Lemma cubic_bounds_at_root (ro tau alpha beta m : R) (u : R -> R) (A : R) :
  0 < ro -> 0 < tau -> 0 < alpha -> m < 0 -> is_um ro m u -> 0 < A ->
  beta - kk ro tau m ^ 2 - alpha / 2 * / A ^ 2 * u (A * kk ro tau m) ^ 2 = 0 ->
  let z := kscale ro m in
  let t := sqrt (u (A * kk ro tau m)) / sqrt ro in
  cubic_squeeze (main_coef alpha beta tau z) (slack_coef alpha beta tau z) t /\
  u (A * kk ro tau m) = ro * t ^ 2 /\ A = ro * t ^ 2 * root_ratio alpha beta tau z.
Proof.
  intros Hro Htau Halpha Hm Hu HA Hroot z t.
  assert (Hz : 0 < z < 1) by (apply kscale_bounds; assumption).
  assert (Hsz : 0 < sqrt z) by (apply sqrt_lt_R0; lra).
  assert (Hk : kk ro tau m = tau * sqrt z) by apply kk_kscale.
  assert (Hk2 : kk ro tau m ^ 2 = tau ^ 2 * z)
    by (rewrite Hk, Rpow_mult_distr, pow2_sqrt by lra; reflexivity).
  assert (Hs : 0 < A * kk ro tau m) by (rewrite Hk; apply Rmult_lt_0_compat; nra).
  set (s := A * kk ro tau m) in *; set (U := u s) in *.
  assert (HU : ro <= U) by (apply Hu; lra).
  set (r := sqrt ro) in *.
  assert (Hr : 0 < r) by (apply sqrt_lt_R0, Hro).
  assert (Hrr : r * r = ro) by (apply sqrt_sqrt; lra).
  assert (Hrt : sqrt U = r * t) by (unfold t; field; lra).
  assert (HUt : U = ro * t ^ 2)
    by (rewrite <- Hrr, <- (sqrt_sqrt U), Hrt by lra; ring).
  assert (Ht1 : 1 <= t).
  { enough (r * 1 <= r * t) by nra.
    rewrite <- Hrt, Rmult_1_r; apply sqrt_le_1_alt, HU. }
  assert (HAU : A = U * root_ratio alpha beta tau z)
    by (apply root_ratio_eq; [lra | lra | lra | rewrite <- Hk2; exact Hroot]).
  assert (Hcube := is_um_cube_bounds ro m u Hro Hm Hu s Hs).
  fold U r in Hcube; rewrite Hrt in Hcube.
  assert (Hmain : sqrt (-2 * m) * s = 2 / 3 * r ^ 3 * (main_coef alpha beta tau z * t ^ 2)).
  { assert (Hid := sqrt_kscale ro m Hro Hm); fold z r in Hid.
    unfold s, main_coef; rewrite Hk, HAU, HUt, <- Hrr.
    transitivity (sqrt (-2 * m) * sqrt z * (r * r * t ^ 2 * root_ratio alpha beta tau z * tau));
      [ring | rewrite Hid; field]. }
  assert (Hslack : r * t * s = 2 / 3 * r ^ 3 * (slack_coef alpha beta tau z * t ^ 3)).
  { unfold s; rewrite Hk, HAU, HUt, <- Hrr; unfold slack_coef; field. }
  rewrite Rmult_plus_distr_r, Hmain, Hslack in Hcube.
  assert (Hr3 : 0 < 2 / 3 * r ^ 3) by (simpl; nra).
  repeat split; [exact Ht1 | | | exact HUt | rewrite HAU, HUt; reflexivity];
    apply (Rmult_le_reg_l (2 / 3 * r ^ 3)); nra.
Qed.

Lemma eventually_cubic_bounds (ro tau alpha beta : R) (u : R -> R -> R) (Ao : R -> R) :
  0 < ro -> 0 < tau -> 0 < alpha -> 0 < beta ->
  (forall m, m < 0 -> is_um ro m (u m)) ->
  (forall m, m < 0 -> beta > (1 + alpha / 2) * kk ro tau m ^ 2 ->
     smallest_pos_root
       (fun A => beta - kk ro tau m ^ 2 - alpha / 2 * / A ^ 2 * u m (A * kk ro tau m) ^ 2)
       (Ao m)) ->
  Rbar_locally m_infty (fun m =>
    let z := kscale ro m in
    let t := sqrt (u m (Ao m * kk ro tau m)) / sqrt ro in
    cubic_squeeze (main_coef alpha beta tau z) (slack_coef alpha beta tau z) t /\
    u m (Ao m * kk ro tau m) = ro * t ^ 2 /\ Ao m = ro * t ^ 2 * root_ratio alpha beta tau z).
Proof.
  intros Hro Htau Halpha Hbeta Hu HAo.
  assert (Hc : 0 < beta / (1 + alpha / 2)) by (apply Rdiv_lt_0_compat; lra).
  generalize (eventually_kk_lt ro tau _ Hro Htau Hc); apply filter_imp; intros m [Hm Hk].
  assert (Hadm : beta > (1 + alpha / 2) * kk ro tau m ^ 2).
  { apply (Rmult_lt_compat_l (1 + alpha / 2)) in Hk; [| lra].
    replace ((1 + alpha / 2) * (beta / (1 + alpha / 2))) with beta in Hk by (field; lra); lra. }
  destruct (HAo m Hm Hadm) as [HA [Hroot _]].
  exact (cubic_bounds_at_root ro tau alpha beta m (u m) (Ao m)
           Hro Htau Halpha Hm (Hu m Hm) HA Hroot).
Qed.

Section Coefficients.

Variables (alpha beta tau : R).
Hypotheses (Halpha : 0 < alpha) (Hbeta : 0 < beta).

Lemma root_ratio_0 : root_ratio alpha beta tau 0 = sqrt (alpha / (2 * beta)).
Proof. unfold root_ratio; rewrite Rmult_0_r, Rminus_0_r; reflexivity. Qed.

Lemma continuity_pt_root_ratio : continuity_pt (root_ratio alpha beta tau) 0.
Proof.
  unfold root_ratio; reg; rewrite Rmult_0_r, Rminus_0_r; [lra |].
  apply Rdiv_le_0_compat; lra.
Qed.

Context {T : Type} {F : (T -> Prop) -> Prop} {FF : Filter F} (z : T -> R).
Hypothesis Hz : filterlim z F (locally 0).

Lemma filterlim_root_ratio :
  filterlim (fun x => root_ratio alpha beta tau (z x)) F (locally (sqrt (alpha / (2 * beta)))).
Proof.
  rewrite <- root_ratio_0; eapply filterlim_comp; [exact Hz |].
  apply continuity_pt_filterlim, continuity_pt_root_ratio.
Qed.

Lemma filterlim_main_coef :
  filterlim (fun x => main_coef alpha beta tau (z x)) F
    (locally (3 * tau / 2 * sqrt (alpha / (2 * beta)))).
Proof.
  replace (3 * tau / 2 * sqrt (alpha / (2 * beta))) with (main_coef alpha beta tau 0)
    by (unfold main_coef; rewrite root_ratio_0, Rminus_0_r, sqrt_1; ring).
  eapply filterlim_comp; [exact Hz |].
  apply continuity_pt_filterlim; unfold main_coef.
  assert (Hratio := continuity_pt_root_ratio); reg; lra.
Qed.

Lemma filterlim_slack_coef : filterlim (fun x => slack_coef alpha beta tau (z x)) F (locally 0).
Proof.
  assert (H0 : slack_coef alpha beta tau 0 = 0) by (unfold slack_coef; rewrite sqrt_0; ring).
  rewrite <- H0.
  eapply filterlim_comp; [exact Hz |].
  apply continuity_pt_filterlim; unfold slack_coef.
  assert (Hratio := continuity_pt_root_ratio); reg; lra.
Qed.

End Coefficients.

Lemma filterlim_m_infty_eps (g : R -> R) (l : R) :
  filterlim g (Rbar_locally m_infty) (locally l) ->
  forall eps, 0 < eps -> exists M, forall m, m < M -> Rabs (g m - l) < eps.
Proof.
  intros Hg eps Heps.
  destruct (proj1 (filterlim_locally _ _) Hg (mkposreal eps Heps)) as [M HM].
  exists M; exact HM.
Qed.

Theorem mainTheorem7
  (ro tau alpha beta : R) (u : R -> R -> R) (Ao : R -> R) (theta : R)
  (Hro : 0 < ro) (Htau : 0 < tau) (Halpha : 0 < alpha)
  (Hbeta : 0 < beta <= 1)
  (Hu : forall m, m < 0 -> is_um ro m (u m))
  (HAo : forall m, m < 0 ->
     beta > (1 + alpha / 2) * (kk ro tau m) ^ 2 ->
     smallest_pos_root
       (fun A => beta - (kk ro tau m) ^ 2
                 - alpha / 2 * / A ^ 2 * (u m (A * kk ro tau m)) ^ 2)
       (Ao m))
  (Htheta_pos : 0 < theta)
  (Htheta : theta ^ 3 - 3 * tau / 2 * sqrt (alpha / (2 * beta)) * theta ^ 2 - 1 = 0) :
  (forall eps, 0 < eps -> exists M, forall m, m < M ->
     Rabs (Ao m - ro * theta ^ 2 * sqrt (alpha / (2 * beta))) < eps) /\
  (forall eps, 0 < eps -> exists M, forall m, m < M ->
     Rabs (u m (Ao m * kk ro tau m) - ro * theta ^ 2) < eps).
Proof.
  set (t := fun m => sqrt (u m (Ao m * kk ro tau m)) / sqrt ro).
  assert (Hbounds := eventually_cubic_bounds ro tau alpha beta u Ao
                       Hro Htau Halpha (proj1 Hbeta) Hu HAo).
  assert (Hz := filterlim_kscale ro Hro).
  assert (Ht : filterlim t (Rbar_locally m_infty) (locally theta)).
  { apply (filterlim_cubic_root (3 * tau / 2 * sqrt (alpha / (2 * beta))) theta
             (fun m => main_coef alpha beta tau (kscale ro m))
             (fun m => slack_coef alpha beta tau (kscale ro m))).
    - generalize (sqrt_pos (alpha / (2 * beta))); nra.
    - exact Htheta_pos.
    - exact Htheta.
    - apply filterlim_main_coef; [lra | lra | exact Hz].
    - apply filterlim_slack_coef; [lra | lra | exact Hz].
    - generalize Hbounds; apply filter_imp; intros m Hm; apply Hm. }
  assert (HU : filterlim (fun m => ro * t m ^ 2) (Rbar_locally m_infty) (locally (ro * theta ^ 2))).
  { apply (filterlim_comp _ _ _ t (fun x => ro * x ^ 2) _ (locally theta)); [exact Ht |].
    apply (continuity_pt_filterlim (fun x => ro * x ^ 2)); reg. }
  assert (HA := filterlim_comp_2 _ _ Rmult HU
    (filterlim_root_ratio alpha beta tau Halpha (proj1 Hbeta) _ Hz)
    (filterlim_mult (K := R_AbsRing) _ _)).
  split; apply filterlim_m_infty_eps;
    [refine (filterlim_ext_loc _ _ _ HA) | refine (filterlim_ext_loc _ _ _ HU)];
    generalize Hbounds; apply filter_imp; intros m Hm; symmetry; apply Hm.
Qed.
*****
## TASK DIRECTIONS:
Within the material above, extract exactly the lines that start at the line containing "Lemma filterlim_slack_coef : filterlim" and stop after the line containing "(Hbeta : 0 < beta <= 1)", and only those.

## ANSWER BELOW:
Lemma filterlim_slack_coef : filterlim (fun x => slack_coef alpha beta tau (z x)) F (locally 0).
Proof.
  assert (H0 : slack_coef alpha beta tau 0 = 0) by (unfold slack_coef; rewrite sqrt_0; ring).
  rewrite <- H0.
  eapply filterlim_comp; [exact Hz |].
  apply continuity_pt_filterlim; unfold slack_coef.
  assert (Hratio := continuity_pt_root_ratio); reg; lra.
Qed.

End Coefficients.

Lemma filterlim_m_infty_eps (g : R -> R) (l : R) :
  filterlim g (Rbar_locally m_infty) (locally l) ->
  forall eps, 0 < eps -> exists M, forall m, m < M -> Rabs (g m - l) < eps.
Proof.
  intros Hg eps Heps.
  destruct (proj1 (filterlim_locally _ _) Hg (mkposreal eps Heps)) as [M HM].
  exists M; exact HM.
Qed.

Theorem mainTheorem7
  (ro tau alpha beta : R) (u : R -> R -> R) (Ao : R -> R) (theta : R)
  (Hro : 0 < ro) (Htau : 0 < tau) (Halpha : 0 < alpha)
  (Hbeta : 0 < beta <= 1)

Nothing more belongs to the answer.